Victory Gardens 2012
Welcome to the gardens at The Victory. We opened our building to the public in June 2007 and spent the following winter planning improvements to what was only blacktop and brick. We retained nearly all of the laid bricks in the forecourt, built a sidewalk along the access from Main Street to Benson Park, and created more than a thousand square feet (100 square meteres) of flower beds. We then planted roses, hydrangeas, hibiscus, ground cover and more.
The plants seemed to enjoy themselves, and by 2012, the spring flowers – tulips, violets and iris were the first colour.
In the late fall of 2011, we were obliged to remove the trees from the forecourt. Austrian pines have a relativly short life expectancy and ours were over thirty years old (we counted the rings!) and rot had started to set in. The result can be seen in this photograph, taken from the windows of our new reading room on the second floor.

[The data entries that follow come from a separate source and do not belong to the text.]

(* Let $\lambda>0$, $L>0$, and let $d,k,T$ be positive integers. Let $\{\{x_t(i)\}_{i\in[k]}\}_{t\in[T]}$ be any sequence of vectors $x_t(i)\in\mathbb{R}^d$ with $\|x_t(i)\|_2\le L$ for all $i\in[k]$, $t\in[T]$. Let $V_0=\lambda I$ and $V_t=\lambda I+\sum_{t'\in[t]}\sum_{i\in[k]}x_{t'}(i)x_{t'}(i)^\top$ for $t\in[T]$. Then $$\sum_{t\in[T]}\sum_{i\in[k]}\min\Big(\frac{1}{\sqrt{k}},\ \|x_t(i)\|_{V_{t-1}^{-1}}\Big)=\tilde{O}\big(\sqrt{dkT}\big)$$ and $$\sum_{t\in[T]}\sum_{i\in[k]}\mathbb{1}\Big(\|x_t(i)\|_{V_{t-1}^{-1}}>1/\sqrt{k}\Big)=\tilde{O}(dk).$$
   Context: For a positive definite matrix $A$ and vector $x$, $\|x\|_{A}=\sqrt{x^\top A x}$. $[n]=\{1,\dots,n\}$. The notation $\tilde{O}(\cdot)$ hides logarithmic factors (here, factors logarithmic in $1+L^2kT/(d\lambda)$). *)

From HB Require Import structures.
From mathcomp Require Import all_boot all_order all_algebra.
From mathcomp Require Import reals exp.
Set Implicit Arguments. Unset Strict Implicit. Unset Printing Implicit Defensive.
Import Order.TTheory GRing.Theory Num.Theory.
Local Open Scope ring_scope.

Definition norm2 (R : realType) (d : nat) (v : 'cV[R]_d) : R :=
  Num.sqrt (\sum_(j < d) v j 0 ^+ 2).

Definition mnorm (R : realType) (d : nat) (A : 'M[R]_d) (v : 'cV[R]_d) : R :=
  Num.sqrt ((v^T *m A *m v) 0 0).

(* Gram matrix V_t = lam I + sum_{t'=1}^{t} sum_i x_{t'}(i) x_{t'}(i)^T ;
   rounds are indexed by nat, t' ranging over 1..t, so V 0 = lam I. *)
Definition Vmat (R : realType) (d k : nat) (lam : R)
  (x : nat -> 'I_k -> 'cV[R]_d) (t : nat) : 'M[R]_d :=
  lam%:M + \sum_(1 <= t' < t.+1) \sum_(i < k) (x t' i *m (x t' i)^T).

(* The polylogarithmic slack hidden by O~ : (1 + ln(1 + L^2 k T/(d lam)))^p *)
Definition logfac (R : realType) (lam L : R) (d k T p : nat) : R :=
  (1 + ln (1 + L ^+ 2 * k%:R * T%:R / (d%:R * lam))) ^+ p.

From HB Require Import structures.
From mathcomp Require Import all_boot all_order all_algebra.
From mathcomp Require Import reals exp.
From mathcomp Require Import ring lra.
Set Implicit Arguments. Unset Strict Implicit. Unset Printing Implicit Defensive.
Import Order.TTheory GRing.Theory Num.Theory.
Local Open Scope ring_scope.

We are proud to host the heritage sign commemorating Sir John A. MacDonald's early career in Picton, seen here surrounded by summer blooms in the planetrs and Marc Bourdon's granite sculpture.
While some of the bigger shrubs attract the visitor's eye, our border flowers are an intrinsic esthetical part of the design.
At the rear of our property, overlooking Benson Park, the fence on the floodwall gave us a marvelous opportunity to encourage rambling roses – there are days when there is more red than green visible to our visitors.